**What the task requires:** Beginning with the line that holds "Lemma residue_sym J" in the data below, give again every line through the one that holds "by exists X; rewrite deltaxx group1 mul1g.", exactly as written.

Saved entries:
━━━━━━━━━━━━━━━━━━━━━━━━━━━━━━

Lemma delta_adjacent X Y Y' s : s \in S -> delta Y Y' = s ->
  delta X Y' = delta X Y \/ delta X Y' = delta X Y * s.
Proof.
move=> Ss YY'; have Y'Y : delta Y' Y = s by rewrite deltaV YY' invS.
have [[XY' | XY'] _] := deltaS X Ss Y'Y; rewrite [delta X Y']deltaV XY'.
  by right; rewrite invMg (invS Ss) -deltaV.
by left; rewrite -deltaV.
Qed.

Lemma delta_coset J X Y Z : J \subset S -> delta Y Z \in <<J>> ->
  (delta X Y)^-1 * delta X Z \in <<J>>.
Proof.
move=> /subsetP sJS /gen_wprod[ws J_ws /esym]; elim: ws Y J_ws => [|s ws IH] Y /=.
  by move=> _ /delta_eq1 ->; rewrite mulVg group1.
case/andP=> Js J_ws YZ; have [Y1 [Y1Y Y1Z]] := deltaS_ex Y Z (sJS s Js).
rewrite YZ mulgA SV ?sJS // mul1g in Y1Z; have := IH Y1 J_ws Y1Z.
have YY1 : delta Y Y1 = s by rewrite deltaV Y1Y invS ?sJS.
have [-> // | ->] := delta_adjacent X (sJS s Js) YY1.
rewrite invMg -mulgA -{2}(mulKVg s ((delta X Y)^-1 * _)).
exact/groupM/mem_gen.
Qed.

Lemma residue_trans J X Y Z : J \subset S ->
  delta X Y \in <<J>> -> delta Y Z \in <<J>> -> delta X Z \in <<J>>.
Proof. by move=> sJS XY /(delta_coset X sJS); rewrite groupMl ?groupV. Qed.

Lemma residue_sym J X Y : delta X Y \in <<J>> -> delta Y X \in <<J>>.
Proof. by rewrite deltaV groupV. Qed.

Lemma residue_realize J v X Z : J \subset S -> v \in <<J>> ->
  exists E, delta X E \in <<J>> /\ delta E Z = v * delta X Z.
Proof.
move=> /subsetP sJS /gen_wprod[ws J_ws <-]; elim: ws J_ws => [|s ws IH] /=.
  by exists X; rewrite deltaxx group1 mul1g.
case/andP=> Js /IH[E [XE EZ]]; have [E' [E'E E'Z]] := deltaS_ex E Z (sJS s Js).
exists E'; rewrite E'Z EZ mulgA; split=> //.
have EE' : delta E E' = s by rewrite deltaV E'E invS ?sJS.
have [-> // | ->] := delta_adjacent X (sJS s Js) EE'.
by rewrite groupM // mem_gen.
Qed.

Lemma exists_projection J X D : J \subset S ->
  exists F, delta X F \in <<J>> /\ coset_minimal J (delta F D).
Proof.
move=> sJS; set u := delta X D.
have [m Jum m_min] := arg_minnP (fun v => len v) (rcoset_refl <<J>>%G u).
have Jv : m * u^-1 \in <<J>> by rewrite -mem_rcoset.
have [F [XF FD]] := residue_realize X D sJS Jv; rewrite mulgKV in FD.
exists F; split=> // v Jv'; rewrite FD; apply: m_min.
by change (v * m \in <<J>> :* u); rewrite mem_rcoset -mulgA groupM.
Qed.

━━━━━━━━━━━━━━━━━━━━━━━━━━━━━━

**Solution below:**
Lemma residue_sym J X Y : delta X Y \in <<J>> -> delta Y X \in <<J>>.
Proof. by rewrite deltaV groupV. Qed.

Lemma residue_realize J v X Z : J \subset S -> v \in <<J>> ->
  exists E, delta X E \in <<J>> /\ delta E Z = v * delta X Z.
Proof.
move=> /subsetP sJS /gen_wprod[ws J_ws <-]; elim: ws J_ws => [|s ws IH] /=.
  by exists X; rewrite deltaxx group1 mul1g.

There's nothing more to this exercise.